# Fiancee does not like my kids



## tookind14

Hi,

I am in a dilema. I am a divorced father and my fiancee has one 11 year old child. I get along with her child pretty well. But my fiancee distrusts and dislikes my 2 children. When I have my visitation with my kids, her daughter participates and enjoys my kids but my fiancee hides out and avoids my children.

Awhile back, my finacee found that my daughter had been emailing her mother during my visitation and making up stories of how she was doing dishes and cleaning the floors when she was over. Nothing could be further from the truth. My finacee read those emails and was very upset. When I confronted my daughter she was sorry but felt my finacee had no right to read her emails. It has been bad ever since.
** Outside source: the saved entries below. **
Theorem mainTheorem2 (n : nat) (F : finFieldType) :
  (2 <= n)%N -> #|F| = (2 ^ n)%N ->
  [/\ (omega F 8 = if (3 %| n)%N then 6 else 0)%N,
      (omega F 4)%:Z =
        (if ~~ odd n then
           (if (3 %| n)%N then 2 ^+ n.+1 - 14 else 2 ^+ n.+1 - 2)
         else
           (if (3 %| n)%N then 2 ^+ n.+1 - 16 else 2 ^+ n.+1 - 4)) :> int
    & (omega F 0)%:Z =
        (if ~~ odd n then
           (if (3 %| n)%N then 2 ^+ (2 * n) - 5 * 2 ^+ n + 10
            else 2 ^+ (2 * n) - 5 * 2 ^+ n + 4)
         else
           (if (3 %| n)%N then 2 ^+ (2 * n) - 5 * 2 ^+ n + 12
            else 2 ^+ (2 * n) - 5 * 2 ^+ n + 6)) :> int].
Proof.
move=> n_ge2 cardF; have F2 : (2 \in [pchar F])%N by exact: card_finPcharP cardF _.
have [o8 o4 o0] := omega_relations F2.
rewrite npairs_sigma ?oner_neq0 // (card_cubic_roots11 F2 cardF) in o8.
rewrite npairs_sigma ?oner_neq0 // npairs_sigma2_eq_sigma3 // npairs_coset_root // in o4.
rewrite (card_cube_unity F2 cardF) in o4.
rewrite npairs_all // cardF in o0; rewrite cardF in o4.
have q_ge4 : (4 <= 2 ^ n)%N by rewrite -[4%N]/(2 ^ 2)%N leq_exp2l.
have Posz_exp2 k : (2 ^+ k : int) = (2 ^ k)%N by rewrite -natz natrX.
rewrite o8 !Posz_exp2 mul2n -addnn expnD expnS.
move: (2 ^ n)%N q_ge4 o4 o0 => q q_ge4 o4 o0.
by case: (odd n) o4; case: (3 %| n)%N o8 => /= o8 o4; split => //; nia.
Qed.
It has been several months since that event, my daughter seems to have forgotten about it but my fiancee has not. I try to explain to her that we need to forgive and move on but the situation is getting worse. There is no interaction between my finacee and my kids and it seems you can cut the air with a knife. 
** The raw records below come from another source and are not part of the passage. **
Let gen_relation (B : {set 'I_n}) : #|B| = k.-1 ->
  in_ideal (\sum_(z in ~: B) gen (z |: B)).
Proof.
move=> cB; have := sum_esymD1 F (~: B) b.
have -> : \sum_(x in ~: B) e (~: B :\ x) b = \sum_(z in ~: B) gen (z |: B).
  apply: eq_bigr => z _; rewrite /gen; congr (e _ b).
  by apply/setP => y; rewrite !inE negb_or andbC.
by move=> ->; rewrite -mulr_natl; apply/in_idealMl/level_pred; rewrite cardsC_ord cB.
Qed.

Let gen_kept (A : {set 'I_n}) : #|A| = k -> i0 \notin A -> A != A0 -> in_ideal (gen A).
Proof.
move=> cA i0A AA0; apply: kept; first by rewrite cardsC_ord cA.
rewrite /removed setCK cA eqxx negb_or AA0 andbT.
apply/existsP => -[i /andP[iA /eqP i_0]].
by move: iA; rewrite (_ : i = i0) ?(negbTE i0A) //; apply: val_inj.
Qed.

Let gen_i0_notsub (D : {set 'I_n}) : #|D| = k.-1 -> i0 \notin D -> ~~ (D \subset A0) ->
  in_ideal (gen (i0 |: D)).
Proof.
move=> cD i0D DA0; apply: (in_ideal_bigD1 _ (gen_relation cD)); first by rewrite inE.
move=> z; rewrite inE => zD zi0; apply: gen_kept.
- by rewrite cardsU1 zD cD; lia.
- by rewrite in_setU1 negb_or eq_sym zi0.
- by apply: contraNneq DA0 => <-; apply: subsetUr.
Qed.

Let gen_i0_pair y : y \in A0 -> in_ideal (gen (i0 |: (A0 :\ y)) + gen A0).
Proof.
move=> yA0; have cA0y : #|A0 :\ y| = k.-1 by move: (cardsD1 y A0); rewrite yA0 card_A0; lia.
rewrite -{2}(setD1K yA0); apply: (in_ideal_bigD2 _ _ _ (gen_relation cA0y)).
- by rewrite in_setC in_setD1 (negbTE i0_A0) andbF.
- by rewrite in_setC in_setD1 eqxx.
- by apply: contraNneq i0_A0 => ->.
move=> z; rewrite in_setC => zA0y zi0 zy.
have zA0 : z \notin A0 by move: zA0y; rewrite in_setD1 zy.
apply: gen_kept.
- by rewrite cardsU1 zA0y cA0y; lia.
- by rewrite in_setU1 in_setD1 (negbTE i0_A0) andbF orbF eq_sym.
- by apply: contraNneq zA0 => <-; rewrite setU11.
Qed.

Let gen_A0 : in_ideal (gen A0).
Proof.
set C := A0 :\: [set i1; i2].
have i12 : i1 != i2 by rewrite -(inj_eq val_inj).
have cC : #|C| = (k - 2)%N.
  by rewrite cardsDS ?cards2 ?i12 ?card_A0 // subUset !sub1set i1_A0 i2_A0.
have i0C : i0 \notin C by rewrite inE (negbTE i0_A0) andbF.
have pair_C : in_ideal (gen (i1 |: (i0 |: C)) + gen (i2 |: (i0 |: C))).
  apply: (in_ideal_bigD2 _ _ i12 (gen_relation (B := i0 |: C) _)).
  - by rewrite !inE eqxx.
  - by rewrite !inE eqxx orbT.
  - by rewrite cardsU1 i0C cC; lia.
  move=> z; rewrite in_setC in_setU1 negb_or => /andP[zi0 zC] zi1 zi2.
  have zA0 : z \notin A0 by move: zC; rewrite in_setD in_set2 (negbTE zi1) (negbTE zi2).
  rewrite setUCA; apply: gen_i0_notsub.
  - by rewrite cardsU1 zC cC; lia.
  - by rewrite in_setU1 negb_or eq_sym zi0.
  - by apply: contraNN zA0 => /subsetP; apply; rewrite setU11.
have C_i1 : i1 |: (i0 |: C) = i0 |: (A0 :\ i2).
  apply/setP => x; rewrite /C !in_setU1 in_setD in_set2 in_setD1.
  by have [->|] := eqVneq x i1; rewrite /= ?i1_A0.
have C_i2 : i2 |: (i0 |: C) = i0 |: (A0 :\ i1).
  apply/setP => x; rewrite /C !in_setU1 in_setD in_set2 in_setD1.
  by have [->|] := eqVneq x i2; rewrite /= ?i2_A0 ?orbF.
rewrite C_i1 C_i2 in pair_C.
apply: (@in_idealMnK _ _ _ _ 2 charF) => //.
have := in_idealB (in_idealD (gen_i0_pair i2_A0) (gen_i0_pair i1_A0)) pair_C.
by congr in_ideal; rewrite mulr2n; ring.
Qed.

Lemma esym_level_recover : esym_level G k b.
Proof.
move=> S cS; rewrite -[S]setCK -/(gen _).
have cA : #|~: S| = k by rewrite cardsC_ord cS; lia.
move: (~: S) cA => A cA.
have [i0A|i0A] := boolP (i0 \in A); last first.
  by have [->|AA0] := eqVneq A A0; [apply: gen_A0 | apply: gen_kept].
have cAi0 : #|A :\ i0| = k.-1 by move: (cardsD1 i0 A); rewrite i0A cA => ->.
rewrite -(setD1K i0A); apply: (in_ideal_bigD1 _ (gen_relation cAi0)); first by rewrite !inE eqxx.
move=> z; rewrite in_setC => zA zi0.
have [->|zA_A0] := eqVneq (z |: (A :\ i0)) A0; first exact: gen_A0.
apply: gen_kept => //; first by rewrite cardsU1 zA cAi0; lia.
by rewrite in_setU1 in_setD1 eqxx /= orbF eq_sym.
Qed.

End Recovery.

Section Partitions.
Local Open Scope nat_scope.

Definition ncells (la : seq nat) (j : nat) : nat := \sum_(p <- la) minn p j.

Lemma ncells_cons a la j : ncells (a :: la) j = minn a j + ncells la j.
Proof. by rewrite /ncells big_cons. Qed.

Lemma ncellsS la j : ncells la j.+1 = ncells la j + conjp la j.+1.
Proof.
elim: la => [|a la IHla]; first by rewrite /ncells !big_nil.
by rewrite !ncells_cons IHla /conjp /=; case: (ltnP j a) => /= ?; lia.
Qed.

Lemma sum_conjp la j : \sum_(1 <= i < j.+1) conjp la i = ncells la j.
Proof.
elim: j => [|j IHj]; last by rewrite big_nat_recr //= IHj ncellsS.
by rewrite big_geq // /ncells big1_seq // => p _; rewrite minn0.
Qed.

Lemma b_ofE la j : b_of la j = (ncells la j).+1 - j.
Proof. by rewrite /b_of sum_conjp. Qed.

Lemma b_of0 la : b_of la 0 = 1.
Proof. by rewrite /b_of big_geq. Qed.

Lemma b_of_succ la j : b_of la j <= (b_of la j.+1).+1.
Proof. by rewrite !b_ofE ncellsS; lia. Qed.

Lemma ncells_le_sumn la j : ncells la j <= sumn la.
Proof.
by elim: la => [|a la IHla]; rewrite /= ?ncells_cons; [rewrite /ncells big_nil | lia].
Qed.

Lemma ncells_sumn la j : all (fun p => p <= j) la -> ncells la j = sumn la.
Proof.
elim: la => [|a la IHla]; first by rewrite /ncells big_nil.
by move=> /= /andP[le_aj /IHla IH]; rewrite ncells_cons IH; lia.
Qed.

Lemma ncells1 la : all (fun p => 0 < p) la -> ncells la 1 = size la.
Proof.
elim: la => [|a la IHla]; first by rewrite /ncells big_nil.
by move=> /= /andP[a_gt0 /IHla IH]; rewrite ncells_cons IH; lia.
Qed.

Lemma b_of1 la : all (fun p => 0 < p) la -> b_of la 1 = size la.
Proof. by move=> la_gt0; rewrite b_ofE ncells1 // subn1. Qed.

Lemma partition_cons2 la n : is_partition la n -> 2 <= nth 0 la 1 ->
  exists a1 a2 rest, [/\ la = [:: a1, a2 & rest], a2 <= a1,
    all (fun p => p <= a2) rest, all (fun p => 0 < p) rest & n = a1 + a2 + sumn rest].
Proof.
case: la => [|a1 [|a2 rest]] //= /and3P[sorted_la la_gt0 /eqP <-] a2_ge2.
exists a1, a2, rest; move: sorted_la la_gt0 => /= /andP[le_a21 sorted_rest] /and3P[_ _ rest_gt0].
split=> //; last by rewrite addnA.
by move: sorted_rest; rewrite path_sortedE; [case/andP | move=> x y z /=; lia].
Qed.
I get along very well with my finacee except for this problem. Were rarely argue, if so it always seems to be about my children. 
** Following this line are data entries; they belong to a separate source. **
(* Let $w\in W$ and $\alpha\in\Phi^+\cap w\Phi^-$. Then $\ell(\sigma_\alpha w)=\ell(w)-1$ if and only if there do not exist $\beta,\delta\in\Phi^+\cap w\Phi^-$ with $\alpha=\beta+\delta$. Similarly, for $\alpha\in\Phi^+\cap w\Phi^+$, $\ell(\sigma_\alpha w)=\ell(w)+1$ if and only if there do not exist $\beta,\delta\in\Phi^+\cap w\Phi^+$ with $\alpha=\beta+\delta$.
   Context: $\Phi$ is a simply laced (reduced, irreducible ADE) root system with positive roots $\Phi^+$, $\Phi^-=-\Phi^+$, Weyl group $W$, length function $\ell$, and $\sigma_\alpha$ the reflection in $\alpha$. *)

From HB Require Import structures.
From mathcomp Require Import all_boot all_order all_algebra.
Set Implicit Arguments. Unset Strict Implicit. Unset Printing Implicit Defensive.
Import Order.TTheory GRing.Theory Num.Theory.
Local Open Scope ring_scope.

Section RootSystems.
Variables (R : realFieldType) (n : nat).
Implicit Types (a b : 'cV[R]_n) (Phi Delta : seq 'cV[R]_n) (w : 'M[R]_n).

Definition dot a b : R := (a^T *m b) 0 0.

(* matrix of the reflection sigma_a : v |-> v - 2 (v,a)/(a,a) a *)
Definition refl a : 'M[R]_n := 1%:M - (2 / dot a a) *: (a *m a^T).

Definition root_system Phi : Prop :=
  [/\ [/\ uniq Phi, 0 \notin Phi & (span Phi = fullv)%VS],
      (forall a b, a \in Phi -> b \in Phi -> refl a *m b \in Phi),
      (forall a b, a \in Phi -> b \in Phi ->
          exists z : int, 2 * dot b a / dot a a = z%:~R) &
      (forall a (c : R), a \in Phi -> c *: a \in Phi -> c = 1 \/ c = -1)].

Definition irreducible_rs Phi : Prop :=
  forall P : pred 'cV[R]_n,
    (forall a b, a \in Phi -> b \in Phi -> P a -> ~~ P b -> dot a b = 0) ->
    all P Phi \/ all (predC P) Phi.

Definition simply_laced Phi : Prop :=
  forall a b, a \in Phi -> b \in Phi -> dot a a = dot b b.

Definition ADE_root_system Phi : Prop :=
  [/\ root_system Phi, irreducible_rs Phi & simply_laced Phi].

Definition nonneg_comb Delta a : Prop :=
  exists c : 'I_(size Delta) -> nat, a = \sum_(i < size Delta) (c i)%:R *: Delta`_i.

Definition is_base Phi Delta : Prop :=
  [/\ free Delta, all (mem Phi) Delta &
      forall a, a \in Phi -> nonneg_comb Delta a \/ nonneg_comb Delta (- a)].

Definition pos_root Phi Delta a : Prop := a \in Phi /\ nonneg_comb Delta a.
Definition neg_root Phi Delta a : Prop := a \in Phi /\ nonneg_comb Delta (- a).

Inductive in_Weyl Phi : 'M[R]_n -> Prop :=
  | Weyl1 : in_Weyl Phi 1%:M
  | WeylS a w : a \in Phi -> in_Weyl Phi w -> in_Weyl Phi (refl a *m w).

Definition word_prod Delta (s : seq 'I_(size Delta)) : 'M[R]_n :=
  foldr (fun (i : 'I_(size Delta)) (M : 'M[R]_n) => refl Delta`_i *m M) 1%:M s.

Definition has_word_of_size Delta w (k : nat) : bool :=
  [exists t : k.-tuple 'I_(size Delta), word_prod (tval t) == w].

Definition is_length Delta w (k : nat) : bool :=
  has_word_of_size Delta w k && [forall j : 'I_k, ~~ has_word_of_size Delta w j].

Definition inv_neg Phi Delta w b : Prop :=
  pos_root Phi Delta b /\ exists g, neg_root Phi Delta g /\ b = w *m g.
Definition inv_pos Phi Delta w b : Prop :=
  pos_root Phi Delta b /\ exists g, pos_root Phi Delta g /\ b = w *m g.

End RootSystems.

(* The length of w is the number N(w) of positive roots in w Phi^-: the
   exchange property shows that a reduced word has exactly N(w) letters, once
   every element of the Weyl group is written as a word in simple reflections.
   For a positive root a, comparing N(s_a w) with N(w) only involves the
   positive roots x sent to negative roots by s_a.  Besides a itself, in the
   simply laced case these satisfy s_a x = x - a, so x |-> a - x pairs them off
   into the decompositions a = b + d into positive roots.  Both Phi^+ /\ w Phi^-
   and Phi^+ /\ w Phi^+ are closed under sums that are roots, so no pair lies in
   the class not containing a, and N changes by exactly one iff no pair lies in
   the class containing a. *)

From HB Require Import structures.
From mathcomp Require Import all_boot all_order all_algebra.
From mathcomp Require Import boolp.
From mathcomp Require Import ring lra zify.
Set Implicit Arguments. Unset Strict Implicit. Unset Printing Implicit Defensive.
Import Order.TTheory GRing.Theory Num.Theory.
Local Open Scope ring_scope.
I am wondering if this is a relationship killer or should I work at it. I know relationships take work but I also don't want to be in denial.

I appreciate your advise.

Thanks


----------



## draconis

For me my children would always come first, period. It doesn't mean thr five of you can't work on things however, bit if she keeps this grudge and treats them this way than it would be a deal breaker BEFORE the marriage.

Your daughter sided with her mother, is that a big surprise?

Your daughter reacted to the woman she thinks is in the way of mom and dad, another surprise?

Your wife is acting as immature as your daughter was, but your wife still is?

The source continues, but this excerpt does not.